(* Let $m=p_1^{\alpha_1}p_2^{\alpha_2}$, where $p_1,p_2>2$ are distinct primes and $\alpha_1,\alpha_2$ are positive integers. Let $t=\mathrm{ord}_m(2)$ and let $\gamma\in\mathbb{F}_{2^t}^*$ be a primitive $m$th root of unity. Then every $S_m$-decoding polynomial has at least $3$ monomials (i.e. at least 3 nonzero coefficients).
   Context: $\mathrm{ord}_m(2)$ is the multiplicative order of $2$ modulo $m$. The canonical set of $m$ is $S_m=\{s_{01},s_{10},s_{11}\}\subseteq\mathbb{Z}_m$, where for $\sigma=(\sigma_1,\sigma_2)\in\{0,1\}^2\setminus\{(0,0)\}$, $s_\sigma$ is the unique element of $\mathbb{Z}_m$ with $s_\sigma\equiv\sigma_1 \pmod{p_1^{\alpha_1}}$ and $s_\sigma\equiv \sigma_2\pmod{p_2^{\alpha_2}}$ (so $s_{11}=1$). An $S_m$-decoding polynomial is a polynomial $P(X)\in\mathbb{F}_{2^t}[X]$ such that $P(\gamma^s)=0$ for every $s\in S_m$ and $P(\gamma^0)=P(1)=1$. *)

From mathcomp Require Import all_boot all_order all_algebra all_field.
Set Implicit Arguments. Unset Strict Implicit. Unset Printing Implicit Defensive.
Import GRing.Theory.
Local Open Scope ring_scope.

Definition is_mult_order (m a t : nat) : Prop :=
  [/\ (0 < t)%N, (a ^ t = 1 %[mod m])%N &
      forall k : nat, (0 < k)%N -> (a ^ k = 1 %[mod m])%N -> (t <= k)%N].

(* s_sigma : the unique element of Z_m (m = q1 * q2, coprime) with
   s = sigma1 mod q1 and s = sigma2 mod q2, represented in [0, m). *)
Definition s_sigma (q1 q2 : nat) (sig1 sig2 : bool) : nat :=
  (chinese q1 q2 sig1 sig2 %% (q1 * q2))%N.

Definition canonical_set (p1 a1 p2 a2 : nat) : seq nat :=
  [:: s_sigma (p1 ^ a1) (p2 ^ a2) false true;
      s_sigma (p1 ^ a1) (p2 ^ a2) true false;
      s_sigma (p1 ^ a1) (p2 ^ a2) true true].

Definition decoding_poly (F : fieldType) (gamma : F) (S : seq nat) (P : {poly F}) : Prop :=
  (forall s, s \in S -> P.[gamma ^+ s] = 0) /\ P.[1] = 1.

Definition num_monomials (F : fieldType) (P : {poly F}) : nat :=
  count (fun c => c != 0) (polyseq P).

(* Only two facts about S_m matter: gamma is nonzero and s_01 + s_10 = s_11 in Z_m,
   so the roots x = gamma^s_01, y = gamma^s_10 and their product x y = gamma^s_11 all
   kill P.  A polynomial with at most two monomials cannot do this while P(1) = 1:
   after factoring out the least power of X it becomes a + b X^d with a + b = 1, and
   b x^d = b y^d = b (x y)^d = -a forces a^2 = b^2 (x y)^d = -a b, i.e. a (a + b) = a = 0. *)
From mathcomp Require Import all_boot all_order all_algebra all_field.
Set Implicit Arguments. Unset Strict Implicit. Unset Printing Implicit Defensive.
Import GRing.Theory.
Local Open Scope ring_scope.

Section PolySupport.

Variables (F : fieldType) (P : {poly F}).

Definition poly_support : seq nat := [seq i <- iota 0 (size P) | P`_i != 0].

Lemma num_monomials_support : num_monomials P = size poly_support.
Proof. by rewrite /num_monomials size_filter -{1}(mkseq_nth 0 P) count_map. Qed.

Lemma horner_support (x : F) : P.[x] = \sum_(i <- poly_support) P`_i * x ^+ i.
Proof.
rewrite horner_coef -(big_mkord xpredT (fun i => P`_i * x ^+ i)) big_filter.
rewrite [RHS]big_rmcond /index_iota ?subn0 //.
by move=> i /negPn/eqP ->; rewrite mul0r.
Qed.

Lemma sorted_poly_support : sorted ltn poly_support.
Proof. exact/sorted_filter/iota_ltn_sorted/ltn_trans. Qed.

Lemma coef_poly_support_neq0 i : i \in poly_support -> P`_i != 0.
Proof. by rewrite mem_filter => /andP[]. Qed.

End PolySupport.

Lemma binomial_root_shift (F : fieldType) (a b x : F) (i j : nat) :
  (i <= j)%N -> x != 0 -> a * x ^+ i + b * x ^+ j = 0 -> a + b * x ^+ (j - i) = 0.
Proof.
move=> le_ij x_neq0; rewrite -{1}(subnKC le_ij) exprD mulrCA [a * _]mulrC -mulrDr.
by move/eqP; rewrite mulf_eq0 expf_eq0 (negPf x_neq0) andbF => /eqP.
Qed.

Lemma binomial_mul_roots (F : fieldType) (a b x y : F) (d : nat) :
  a + b = 1 -> a + b * x ^+ d = 0 -> a + b * y ^+ d = 0 ->
  a + b * (x * y) ^+ d = 0 -> a = 0.
Proof.
move=> ab1 /addr0_eq rx /addr0_eq ry /addr0_eq rxy.
have sq_a : a * a = - (a * b).
  by rewrite -mulrNN {1}rx ry mulrACA -exprMn -mulrA -rxy mulrN mulrC.
by rewrite -[a]mulr1 -ab1 mulrDr sq_a addNr.
Qed.

Lemma three_monomials_of_mul_roots (F : fieldType) (P : {poly F}) (x y : F) :
  x != 0 -> y != 0 -> P.[1] = 1 ->
  root P x -> root P y -> root P (x * y) -> (3 <= num_monomials P)%N.
Proof.
move=> x_neq0 y_neq0 P1 /eqP Px /eqP Py /eqP Pxy.
have xy_neq0 : x * y != 0 by rewrite mulf_neq0.
move: P1 Px Py Pxy; rewrite num_monomials_support !horner_support.
have := sorted_poly_support P; have := @coef_poly_support_neq0 _ P.
case: (poly_support P) => [|i [|j [|k s]]] // nz_coef sorted_ij.
- by rewrite big_nil => /eqP; rewrite eq_sym oner_eq0.
- rewrite !big_seq1 expr1n mulr1 => P1 _ _ /eqP.
  by rewrite mulf_eq0 P1 oner_eq0 expf_eq0 (negPf xy_neq0) andbF.
- have le_ij : (i <= j)%N by move: sorted_ij => /andP[/ltnW].
  rewrite !big_cons !big_nil !addr0 !expr1n !mulr1 => P1.
  move=> /(binomial_root_shift le_ij x_neq0) rx /(binomial_root_shift le_ij y_neq0) ry.
  move=> /(binomial_root_shift le_ij xy_neq0) rxy.
  have := nz_coef i (mem_head _ _).
  by rewrite (binomial_mul_roots P1 rx ry rxy) eqxx.
Qed.

Lemma chineseD (m1 m2 r1 r2 s1 s2 : nat) :
  chinese m1 m2 (r1 + s1) (r2 + s2) = (chinese m1 m2 r1 r2 + chinese m1 m2 s1 s2)%N.
Proof. by rewrite /chinese !mulnDl addnACA. Qed.

Lemma s_sigma_add (q1 q2 : nat) :
  (s_sigma q1 q2 false true + s_sigma q1 q2 true false
    = s_sigma q1 q2 true true %[mod q1 * q2])%N.
Proof. by rewrite /s_sigma modnDm modn_mod -chineseD. Qed.

Theorem lemma3 (p1 p2 a1 a2 m t : nat) (F : finFieldType) (gamma : F)
  (hp1 : prime p1) (hp2 : prime p2) (hp1g : (2 < p1)%N) (hp2g : (2 < p2)%N)
  (hneq : p1 != p2) (ha1 : (0 < a1)%N) (ha2 : (0 < a2)%N)
  (hm : m = (p1 ^ a1 * p2 ^ a2)%N)
  (ht : is_mult_order m 2 t)
  (hF : #|F| = (2 ^ t)%N)
  (hgamma : m.-primitive_root gamma) :
  forall P : {poly F},
    decoding_poly gamma (canonical_set p1 a1 p2 a2) P -> (3 <= num_monomials P)%N.
Proof.
move=> P [P_S P1].
have gamma_neq0 : gamma != 0.
  apply: contra_eq_neq (prim_expr_order hgamma) => ->.
  by rewrite expr0n gtn_eqF ?(prim_order_gt0 hgamma) // eq_sym oner_neq0.
pose s := s_sigma (p1 ^ a1) (p2 ^ a2).
have root_S k : k \in [:: s false true; s true false; s true true] -> root P (gamma ^+ k).
  by move=> /P_S /eqP.
apply: (three_monomials_of_mul_roots (x := gamma ^+ s false true) (y := gamma ^+ s true false)).
- exact: expf_neq0.
- exact: expf_neq0.
- exact: P1.
- by apply: root_S; rewrite !inE eqxx.
- by apply: root_S; rewrite !inE eqxx orbT.
- have sum_s : (s false true + s true false = s true true %[mod m])%N.
    by rewrite hm s_sigma_add.
  rewrite -exprD -(prim_expr_mod hgamma) sum_s (prim_expr_mod hgamma).
  by apply: root_S; rewrite !inE eqxx !orbT.
Qed.
Lemma phi_Killing v w : S1 w -> phi (Killing v) w = mink v (lift w).
Proof.
rewrite /S1 /sqnorm /= => hw.
rewrite /phi /Killing /dPi /boxtimes /mink !coordE /=.
transitivity (- (w.1 ^+ 2 + w.2 ^+ 2) * c0 v + c1 v * w.1 + c2 v * w.2); first by field.
by rewrite hw; ring.
Qed.

Lemma boxtimes_lift_tangent Y z : tangent Y -> S1 z ->
  boxtimes (lift z) (vec3 0 (Y z).1 (Y z).2) = - phi Y z *: lift z.
Proof.
move=> hY hz; have ht := hY z hz; move: hz; rewrite /S1 /sqnorm /= => hz.
have hu k : k = k * (z.1 ^+ 2 + z.2 ^+ 2) by rewrite hz mulr1.
apply: cV3P; rewrite /boxtimes /phi !coordE.
- ring.
- rewrite [LHS]hu; transitivity ((Y z).1 * z.1 * z.2 - (Y z).2 * z.1 ^+ 2
    - z.2 * ((Y z).1 * z.1 + (Y z).2 * z.2)); first ring.
  by rewrite ht mulr0 subr0; ring.
- rewrite [LHS]hu; transitivity ((Y z).1 * z.2 ^+ 2 - (Y z).2 * z.1 * z.2
    + z.1 * ((Y z).1 * z.1 + (Y z).2 * z.2)); first ring.
  by rewrite ht mulr0 addr0; ring.
Qed.

Lemma phi_vf_push A Y z : O0_12 A -> tangent Y -> S1 z ->
  phi (vf_push A Y) (act A z) = phi Y z / c0 (A *m lift z).
Proof.
move=> hA hY hz; have hz1 := S1_le1 hz.
rewrite /act (phi_dPi (u := A *m vec3 0 (Y z).1 (Y z).2)) ?c0_lift_neq0 //; last first.
  by rewrite /vf_push -/(act A z) act_invmxK.
rewrite boxtimes_O0_12 // boxtimes_lift_tangent // -scalemxAr c0Z.
by field; rewrite c0_lift_neq0.
Qed.

End VectorFields.

Section AffineExtendedReals.
Variable R : realType.
Local Open Scope ereal_scope.
Implicit Types (r k : R) (x y : \bar R).

Definition eaff r k x := x * r%:E + k%:E.

Lemma eaff_homo r k : (0 < r)%R -> {homo eaff r k : x y / x <= y}.
Proof. by move=> r0 x y xy; rewrite /eaff leeD2r // lee_wpmul2r // lee_fin ltW. Qed.

Lemma eaffK r k : (0 < r)%R -> cancel (eaff r k) (eaff r^-1 (- k / r)).
Proof.
move=> r0 [x| |] /=; rewrite /eaff /=.
- by congr EFin; field; rewrite gt_eqF.
- by rewrite !gt0_mulye ?lte_fin ?invr_gt0.
- by rewrite !gt0_mulNye ?lte_fin ?invr_gt0.
Qed.

Lemma eaffVK r k : (0 < r)%R -> cancel (eaff r^-1 (- k / r)) (eaff r k).
Proof.
move=> r0; have /(eaffK (- k / r)%R) : (0 < r^-1)%R by rewrite invr_gt0.
by rewrite invrK mulNr opprK mulrVK ?unitfE ?gt_eqF.
Qed.

Lemma eaffB r k x y : (0 < r)%R -> eaff r k x - eaff r k y = (x - y) * r%:E.
Proof.
move=> r0; case: x => [x| |]; case: y => [y| |];
  rewrite /eaff /= ?gt0_mulye ?gt0_mulNye ?lte_fin //=.
by congr EFin; ring.
Qed.

Lemma ereal_sup_homo_can (f g : \bar R -> \bar R) (S : set (\bar R)) :
  {homo f : x y / x <= y} -> {homo g : x y / x <= y} -> cancel f g -> cancel g f ->
  ereal_sup (f @` S) = f (ereal_sup S).
Proof.
move=> hf hg fK gK; apply/eqP; rewrite eq_le; apply/andP; split.
  by apply/ereal_supP => _ [x Sx <-]; apply/hf/ereal_sup_ubound.
rewrite -[leRHS]gK; apply: hf; apply/ereal_supP => y Sy.
by rewrite -(fK y); apply/hg/ereal_sup_ubound; exists y.
Qed.

Lemma ereal_inf_homo_can (f g : \bar R -> \bar R) (S : set (\bar R)) :
  {homo f : x y / x <= y} -> {homo g : x y / x <= y} -> cancel f g -> cancel g f ->
  ereal_inf (f @` S) = f (ereal_inf S).
Proof.
move=> hf hg fK gK; apply/eqP; rewrite eq_le; apply/andP; split; last first.
  by apply/ereal_infP => _ [x Sx <-]; apply/hf/ereal_inf_lbound.
rewrite -[leLHS]gK; apply: hf; apply/ereal_infP => y Sy.
by rewrite -(fK y); apply/hg/ereal_inf_lbound; exists y.
Qed.

End AffineExtendedReals.

Section Width.
Variable R : realType.
Implicit Types (a b : R * R * R) (e z w : R * R).

Definition aff_vec a : 'cV[R]_3 := vec3 (- a.1.1) a.1.2 a.2.
Definition vec_aff (u : 'cV[R]_3) : R * R * R := ((- c0 u, c1 u), c2 u).

Lemma aff_mink a e : aff a e = mink (aff_vec a) (lift e).
Proof. rewrite /aff /mink /aff_vec !coordE; ring. Qed.

Lemma aff_vecK : cancel aff_vec vec_aff.
Proof. by case=> [[c b1] b2]; rewrite /vec_aff /aff_vec !coordE opprK. Qed.

Lemma vec_affK : cancel vec_aff aff_vec.
Proof. by move=> u; apply: cV3P; rewrite /vec_aff /aff_vec !coordE ?opprK. Qed.
(* Let $n=p$ be prime, let $v\in\mathbb{R}^p$ have pairwise distinct coordinates, and let $C$ be the elementary symmetric curve associated to $v$. Let $\zeta=e^{2\pi i/p}$ and $w=(\zeta,\zeta^2,\dots,\zeta^p)$. Then the complex linear span of any irreducible component $C_0$ of $C$ contains $\sigma w$ for some $\sigma\in S_p$.
   Context: For $v=(c_1,\dots,c_n)$, the elementary symmetric curve associated to $v$ is the complex algebraic variety $C$ (in $\mathbb{C}^n$, viewed inside $\mathbb{P}^n_{\mathbb{C}}$) cut out by $e_k(x_1,\dots,x_n)=e_k(c_1,\dots,c_n)$ for $k=1,\dots,n-1$, where $e_k$ is the $k$-th elementary symmetric polynomial. $S_p$ acts on $\mathbb{C}^p$ by permuting coordinates: for $\epsilon\in S_p$, the $j$-th coordinate of $\epsilon x$ is $x_{\epsilon^{-1}(j)}$. *)

From mathcomp Require Import all_boot all_order all_algebra all_fingroup.
From mathcomp Require Import reals trigo.
From mathcomp Require Import complex.
From mathcomp Require mpoly.
Set Implicit Arguments. Unset Strict Implicit. Unset Printing Implicit Defensive.
Import GRing.Theory Num.Theory.
Local Open Scope ring_scope.
Local Open Scope complex_scope.

Definition zclosed (R : realType) (p : nat) (S : ('I_p -> R[i]) -> Prop) : Prop :=
  exists F : mpoly.mpoly p R[i] -> Prop,
    forall x, S x <-> (forall f, F f -> mpoly.meval x f = 0).

Definition zirreducible (R : realType) (p : nat) (S : ('I_p -> R[i]) -> Prop) : Prop :=
  (exists x, S x) /\
  forall A B : ('I_p -> R[i]) -> Prop, zclosed A -> zclosed B ->
    (forall x, S x -> A x \/ B x) ->
    (forall x, S x -> A x) \/ (forall x, S x -> B x).

Definition irr_component (R : realType) (p : nat)
    (X S : ('I_p -> R[i]) -> Prop) : Prop :=
  [/\ zclosed S, zirreducible S, (forall x, S x -> X x) &
      forall T, zclosed T -> zirreducible T -> (forall x, T x -> X x) ->
        (forall x, S x -> T x) -> forall x, T x -> S x].

Definition elem_sym_curve (R : realType) (p : nat) (v : 'I_p -> R)
    (x : 'I_p -> R[i]) : Prop :=
  forall k : nat, (1 <= k <= p.-1)%N ->
    mpoly.meval x (mpoly.mesym p R[i] k)
    = mpoly.meval (fun i => (v i)%:C) (mpoly.mesym p R[i] k).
◆ ◆ ◆ ◆ ◆ ◆ ◆
Using only the listing above, restate exactly the lines from the line containing "- rewrite [LHS]hu; transitivity ((Y z).1 * z.2" through the line containing "Lemma phi_vf_push A", both included.

# RESPONSE FOR THIS EXERCISE:
- rewrite [LHS]hu; transitivity ((Y z).1 * z.2 ^+ 2 - (Y z).2 * z.1 * z.2
    + z.1 * ((Y z).1 * z.1 + (Y z).2 * z.2)); first ring.
  by rewrite ht mulr0 addr0; ring.
Qed.

Lemma phi_vf_push A Y z : O0_12 A -> tangent Y -> S1 z ->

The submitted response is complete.